Unnamed: 0,ring-number_t,bruises_f,ring-type_f,spore-print-color_n,spore-print-color_o,spore-print-color_b,spore-print-color_y,spore-print-color_u,spore-print-color_k,odor_n,...,spore-print-color_h,bruises_t,stalk-surface-above-ring_y,stalk-root_?,ring-number_o,stalk-root_e,spore-print-color_w,ring-type_l,odor_c,spore-print-color_r
coefficients_edible,0.570276,0.565706,0.46522,0.432382,0.432382,0.432382,0.432382,0.432382,0.432382,0.410285,...,-0.18295,-0.184292,-0.422643,-0.497695,-0.50855,-0.747698,-0.817621,-0.821284,-1.589715,-1.817621
coefficients_poisonous,-0.569221,-0.550038,-0.456658,-0.433437,-0.433437,-0.433437,-0.433437,-0.433437,-0.433437,-0.417051,...,0.172429,0.19956,0.418179,0.49025,0.509379,0.740652,0.816965,0.820207,1.582949,1.816965


There are very strong indicators that a mushroom is **poisonous** juding by the above positive coefficents.
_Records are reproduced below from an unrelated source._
(* Fix a branch-and-bound node $\mathcal{N}$ and let $\boldsymbol{\beta}^\star$ solve the node relaxation $\min_{\boldsymbol{\beta}\in\mathbb{R}^p} F(\boldsymbol{X}\boldsymbol{\beta})+2\lambda_2 g_{\mathcal{N}}(\boldsymbol{\beta})$. Let $\bar k=k-|\mathcal{J}_1(\mathcal{N})|$ and $p_f=|\mathcal{J}_f(\mathcal{N})|$. Set $z_j^\star=0$ for $j\in\mathcal{J}_0(\mathcal{N})$ and $z_j^\star=1$ for $j\in\mathcal{J}_1(\mathcal{N})$. On the free set $\mathcal{J}_f(\mathcal{N})$: if $\bar k=0$, set $z_j^\star=0$. If at most $\bar k$ free coefficients are nonzero, set $z_j^\star=1$ for nonzero $\beta_j^\star$ and $z_j^\star=0$ for zero $\beta_j^\star$. Otherwise, sort the free magnitudes as $|\beta_{\pi(1)}^\star|\ge\cdots\ge|\beta_{\pi(p_f)}^\star|$ and find an index $s\in\{0,\ldots,\bar k-1\}$ such that \[ \tau:=\frac{\sum_{r=s+1}^{p_f}|\beta_{\pi(r)}^\star|}{\bar k-s},\qquad |\beta_{\pi(s)}^\star|\ge \tau \ge |\beta_{\pi(s+1)}^\star|, \] with the convention $|\beta_{\pi(0)}^\star|=+\infty$; then set $z_{\pi(r)}^\star=1$ for $r\le s$ and $z_{\pi(r)}^\star=|\beta_{\pi(r)}^\star|/\tau$ for $r>s$, $r=1,\ldots,p_f$. The resulting vector $\boldsymbol{z}^\star$ is an optimal relaxed indicator vector paired with $\boldsymbol{\beta}^\star$, i.e., it attains the infimum defining $g_{\mathcal{N}}(\boldsymbol{\beta}^\star)$.
   Context: Setting: cardinality-constrained generalized linear model $\min_{\boldsymbol{\beta}}\{f(\boldsymbol{X}\boldsymbol{\beta},\boldsymbol{y})+\lambda_2\|\boldsymbol{\beta}\|_2^2: \|\boldsymbol{\beta}\|_0\le k,\ \|\boldsymbol{\beta}\|_\infty\le M\}$ with $\boldsymbol{X}\in\mathbb{R}^{n\times p}$, convex differentiable loss $f$, $F(\boldsymbol{X}\boldsymbol{\beta}):=f(\boldsymbol{X}\boldsymbol{\beta},\boldsymbol{y})$, $\lambda_2>0$, $M>0$. A branch-and-bound node $\mathcal{N}$ partitions $[p]$ into $\mathcal{J}_0(\mathcal{N})$ (indicators fixed to 0), $\mathcal{J}_1(\mathcal{N})$ (fixed to 1), and the free set $\mathcal{J}_f(\mathcal{N})$. The perspective-relaxation function is $g_{\mathcal{N}}(\boldsymbol{\beta}):=\inf_{\boldsymbol{z}}\{\tfrac12\sum_{j=1}^p\beta_j^2/z_j:\ z_j\in[0,1]\ \forall j\in\mathcal{J}_f(\mathcal{N}),\ \mathbf{1}^\top\boldsymbol{z}\le k,\ |\beta_j|\le Mz_j,\ z_j=0\ \forall j\in\mathcal{J}_0(\mathcal{N}),\ z_j=1\ \forall j\in\mathcal{J}_1(\mathcal{N})\}$, with the convention $\beta_j^2/z_j=0$ when $(\beta_j,z_j)=(0,0)$ and $+\infty$ when $z_j=0$, $\beta_j\neq0$. *)

From HB Require Import structures.
From mathcomp Require Import all_boot all_order all_algebra.
From mathcomp Require Import all_classical all_reals all_analysis.
Set Implicit Arguments. Unset Strict Implicit. Unset Printing Implicit Defensive.
Import Order.TTheory GRing.Theory Num.Theory.
Import numFieldNormedType.Exports.
Local Open Scope ring_scope.
Local Open Scope classical_set_scope.

Section Persp.
Variables (R : realType) (p : nat).

Definition freeset (J0 J1 : {set 'I_p}) : {set 'I_p} := ~: (J0 :|: J1).

Definition persp (b z : R) : \bar R :=
  if z == 0 then (if b == 0 then 0%E else +oo%E) else (b ^+ 2 / z)%:E.
(* Let $q=p^n$ with $p$ prime and $n\in\mathbb{Z}^+$, let $\chi$ be a generator of the cyclic group $\widehat{\mathbb{F}_q^{\times}}$ of multiplicative characters of $\mathbb{F}_q$, let $k$ be a positive integer with $k\mid q-1$, and let $m=(q-1)/k$. Define the $m\times m$ matrices $$A_q(k)=\left[G_q(\chi^{ki+kj})\right]_{0\le i,j\le m-1},\qquad B_q(k)=\left[G_q(\chi^{ki+kj})^{-1}\right]_{0\le i,j\le m-1}.$$ Then: (i) $\det A_q(k)\in\mathbb{Z}$ and $\det B_q(k)\in\mathbb{Q}$, and both determinants are independent of the choice of the generator $\chi$. (ii) $\det A_q(k)\equiv (-1)^{\frac{m^2-m+2}{2}}\pmod p$.
   Context: For any multiplicative character $\psi$ of $\mathbb{F}_q$ we set $\psi(0)=0$ (in particular the trivial character $\varepsilon$ satisfies $\varepsilon(0)=0$). Let $\zeta_p=e^{2\pi i/p}$ and $\mathrm{Tr}=\mathrm{Tr}_{\mathbb{F}_q/\mathbb{F}_p}$, $\mathrm{Tr}(x)=\sum_{j=0}^{n-1}x^{p^j}$. The Gauss sum is $G_q(\psi)=\sum_{x\in\mathbb{F}_q}\psi(x)\zeta_p^{\mathrm{Tr}(x)}$. Powers $\chi^r$ are taken for arbitrary integers $r$ in the group of characters. *)

From HB Require Import structures.
From mathcomp Require Import all_boot all_order all_algebra all_field.
Set Implicit Arguments.
Unset Strict Implicit.
Unset Printing Implicit Defensive.
Import Order.TTheory GRing.Theory Num.Theory.
Local Open Scope ring_scope.

Section Gauss.
Variable F : finFieldType.

Definition is_mchar (psi : F -> algC) : Prop :=
  [/\ psi 0 = 0, psi 1 = 1 & forall x y, psi (x * y) = psi x * psi y].

Definition mchar_pow (chi : F -> algC) (r : int) : F -> algC :=
  fun x => if x == 0 then 0 else (chi x) ^ r.

Definition mchar_generator (chi : F -> algC) : Prop :=
  is_mchar chi /\
  forall psi, is_mchar psi -> exists r : int, forall x, psi x = mchar_pow chi r x.

(* zeta_p = e^{2 pi i / p}: p.-root (-1) is e^{i pi / p} (minimal argument) *)
Definition zeta (p : nat) : algC := (p.-root (-1)) ^+ 2.

Definition trace (p n : nat) (x : F) : F := \sum_(j < n) x ^+ (p ^ j).

Definition fp_rep (p : nat) (y : F) : nat :=
  if [pick k : 'I_p | (k%:R : F) == y] is Some k then val k else 0%N.

Definition addchar (p n : nat) (x : F) : algC := zeta p ^+ fp_rep p (trace p n x).

Definition gauss (p n : nat) (psi : F -> algC) : algC :=
  \sum_(x : F) psi x * addchar p n x.

Definition Amat (p n : nat) (chi : F -> algC) (k : nat) :
  'M[algC]_((p ^ n).-1 %/ k) :=
  \matrix_(i, j) gauss p n (mchar_pow chi ((k * i + k * j)%N)%:Z).

Definition Bmat (p n : nat) (chi : F -> algC) (k : nat) :
  'M[algC]_((p ^ n).-1 %/ k) :=
  \matrix_(i, j) (gauss p n (mchar_pow chi ((k * i + k * j)%N)%:Z))^-1.

End Gauss.

From HB Require Import structures.
From mathcomp Require Import all_boot all_order all_algebra all_field.
From mathcomp Require Import all_fingroup all_solvable integral_char zify.
Set Implicit Arguments.
Unset Strict Implicit.
Unset Printing Implicit Defensive.
Import Order.TTheory GRing.Theory Num.Theory.
Local Open Scope ring_scope.

(* Write q - 1 = k m and f a = G(chi^(k a)), an m-periodic function, so that A
   and B are the Hankel matrices (f (i + j)) and (f (i + j)^-1).  An automorphism
   nu of the algebraic numbers maps chi to chi^t, with t prime to q - 1, and
   zeta_p to zeta_p^c; substituting x -> x / c in the Gauss sum gives
   nu (f a) = b^a f (t a) with b^m = 1.  On a Hankel matrix the factor b^(i+j) is
   a diagonal conjugation of determinant b^(m(m-1)) = 1, and a -> t a permutes
   Z/m, so both determinants are fixed by every nu; as they lie in a cyclotomic
   field they are rational, and det A, an algebraic integer, is an integer.
   Another generator of the character group is chi^t with t prime to q - 1,
   which again only permutes Z/m.  Modulo 1 - zeta_p the Gauss sum reduces to the
   character sum of chi^(k a), which is -1 if m | a and 0 otherwise; that 0/-1
   Hankel matrix has determinant (-1)^(C(m,2)+1), and an integer divisible by
   1 - zeta_p is divisible by p. *)

Lemma prod_1_subX_prim_root (N : nat) (z : algC) : N.-primitive_root z ->
  \prod_(1 <= i < N) (1 - z ^+ i) = N%:R.
Proof.
move=> zN; have N_gt0 := prim_order_gt0 zN.
have X1_neq0 : ('X - 1 : {poly algC}) != 0 by rewrite polyXsubC_eq0.
have := factor_Xn_sub_1 zN; rewrite subrX1 big_ltn // expr0.
move/(mulfI X1_neq0)/(congr1 (horner^~ 1)).
rewrite horner_prod horner_sum.
under eq_bigr do rewrite hornerXsubC.
under [in X in _ = X -> _]eq_bigr do rewrite hornerXn expr1n.
by rewrite sumr_const card_ord => ->.
Qed.

Section Zeta.
Variable p : nat.
Hypothesis p_pr : prime p.

Lemma zeta_prim_root : p.-primitive_root (zeta p).
Proof.
have p_gt0 := prime_gt0 p_pr; pose r : algC := p.-root (-1).
have rp : r ^+ p = -1 by rewrite rootCK.
have zp : zeta p ^+ p = 1 by rewrite /zeta -exprM mulnC exprM rp sqrrN expr1n.
have z_neq1 : zeta p != 1.
  rewrite /zeta -/r -subr_eq0 subr_sqr_1 mulf_eq0 !subr_eq0 addr_eq0.
  apply/norP; split; apply/eqP.
    move=> r1; move: rp; rewrite r1 expr1n => /eqP.
    by rewrite -subr_eq0 opprK -mulr2n pnatr_eq0.
  by move=> rN1; have := rootC_lt0 (-1 : algC) (prime_gt1 p_pr); rewrite -/r rN1 ltrN10.
have [d zd d_dvd_p] := prim_order_exists p_gt0 zp.
case/primeP: p_pr => _ /(_ d d_dvd_p)/orP[]/eqP d_eq; last by move: zd; rewrite d_eq.
by move: (prim_expr_order zd); rewrite d_eq expr1 => /eqP; rewrite (negPf z_neq1).
Qed.

Lemma zeta_expp : zeta p ^+ p = 1.
Proof. exact: prim_expr_order zeta_prim_root. Qed.

Lemma zeta_Aint : zeta p \in Aint.
Proof. exact: Aint_prim_root zeta_prim_root. Qed.

Lemma subr_1_zeta_neq0 : 1 - zeta p != 0.
Proof.
rewrite subr_eq0 eq_sym; apply/eqP => z1.
have := prim_order_dvd zeta_prim_root 1; rewrite -z1 expr1 eqxx dvdn1.
by move/eqP=> p1; move: (prime_gt1 p_pr); rewrite p1.
Qed.

Lemma eqAmod_p_1_sub_zeta : (p%:R == 0 %[mod 1 - zeta p])%A.
Proof.
rewrite /eqAmod unfold_in (negPf subr_1_zeta_neq0) subr0.
rewrite -(prod_1_subX_prim_root zeta_prim_root) big_ltn ?prime_gt1 //.
rewrite expr1 mulrAC divff ?subr_1_zeta_neq0 // mul1r.
by apply: rpred_prod => i _; rewrite rpredB ?rpred1 // rpredX // zeta_Aint.
Qed.

(* N is rational, so its conjugates give (1 - zeta^j) | N for 0 < j < p, and the
   product of these divisors is p; hence p divides N^(p-1). *)
Lemma eqAmod0_1_sub_zeta_dvdp (N : algC) : N \in Num.int ->
  (N == 0 %[mod 1 - zeta p])%A -> exists2 c, c \in Num.int & N = p%:R * c.
Proof.
move=> ZN; rewrite /eqAmod unfold_in (negPf subr_1_zeta_neq0) subr0 => AN1.
have QN : N \in Crat by apply: rpred_int_num.
have ANj j : (1 <= j < p)%N -> N / (1 - zeta p ^+ j) \in Aint.
  case/andP=> j_gt0 j_lt_p.
  have j_cop : coprime j p by rewrite coprime_sym prime_coprime // gtnNdvd.
  have [nu nuE] := Qn_aut_exists j_cop.
  rewrite -(Aint_aut nu) fmorph_div rmorphB rmorph1 in AN1.
  by rewrite (aut_Crat nu QN) (nuE (zeta p)) ?zeta_expp in AN1.
have : \prod_(1 <= j < p) (N / (1 - zeta p ^+ j)) \in Aint.
  by rewrite big_nat_cond; apply: rpred_prod => j /andP[/ANj].
rewrite prodf_div prod_1_subX_prim_root ?zeta_prim_root // prodr_const_nat => ANp.
have p_neq0 : (p%:R : algC) != 0 by rewrite pnatr_eq0 -lt0n prime_gt0.
have : (p %| N ^+ (p - 1))%C.
  rewrite unfold_in (negPf p_neq0) Cint_rat_Aint //.
  by rewrite rpred_div ?rpredX ?rpred_nat.
rewrite dvdC_int ?rpredX // floorX // abszX Euclid_dvdX ?subn_gt0 ?prime_gt1 //.
rewrite -dvdC_int // unfold_in (negPf p_neq0) andbT => ZNp.
by exists (N / p%:R); last by rewrite mulrC divfK.
Qed.

End Zeta.

Section FiniteField.
Variable F : finFieldType.

Lemma card_unit_gt0 : (0 < #|F|.-1)%N.
Proof. by have := finNzRing_gt1 F; case: #|F| => [|[]]. Qed.

Lemma expf_card_unit (x : F) : x != 0 -> x ^+ #|F|.-1 = 1.
Proof.
move=> x_neq0; apply: (mulIf x_neq0); rewrite mul1r -exprSr.
by rewrite prednK ?expf_card // (ltn_trans _ (finNzRing_gt1 F)).
Qed.

Lemma finField_prim_root : exists g : F, #|F|.-1.-primitive_root g.
Proof.
have : has #|F|.-1.-primitive_root (enum (predC1 (0 : F))).
  apply: has_prim_root; rewrite ?enum_uniq ?card_unit_gt0 //.
    by apply/allP=> x; rewrite mem_enum unity_rootE => /expf_card_unit ->.
  by rewrite -cardE cardC1.
by case/hasP=> g _ gF; exists g.
Qed.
- spore-print-color_r (+1.81)
- odor_c (+1.58)
- ring-type_l (+0.82)
- spore-print-color_w (+0.81)
- stalk-root_e (+0.74)

It also appears that there are somewhat strong indicators of a mushroom that is **edible**, such as the following:

- ring-number_t (+0.57)
- bruises_f (+0.56)
- ring-type_f (+0.46)
- spore-print-color_n (+0.43)
    - Also spore print color type o, b, y, u, and k. (All +0.43)

### Remarks
Examining the above coefficents indicates that various properties can indicate if a mushroom is poisonous such as certain types of spore colors, odors detected, rings, and roots. There are also indicators of a mushroom being edible which include ring types, bruises, and spore colors as noted above. Given the accuracy of the test and training of the linear model initially before examining the coefficents these must be accurate indicators of mushrooms that are poisonous or edible based on the provided data set.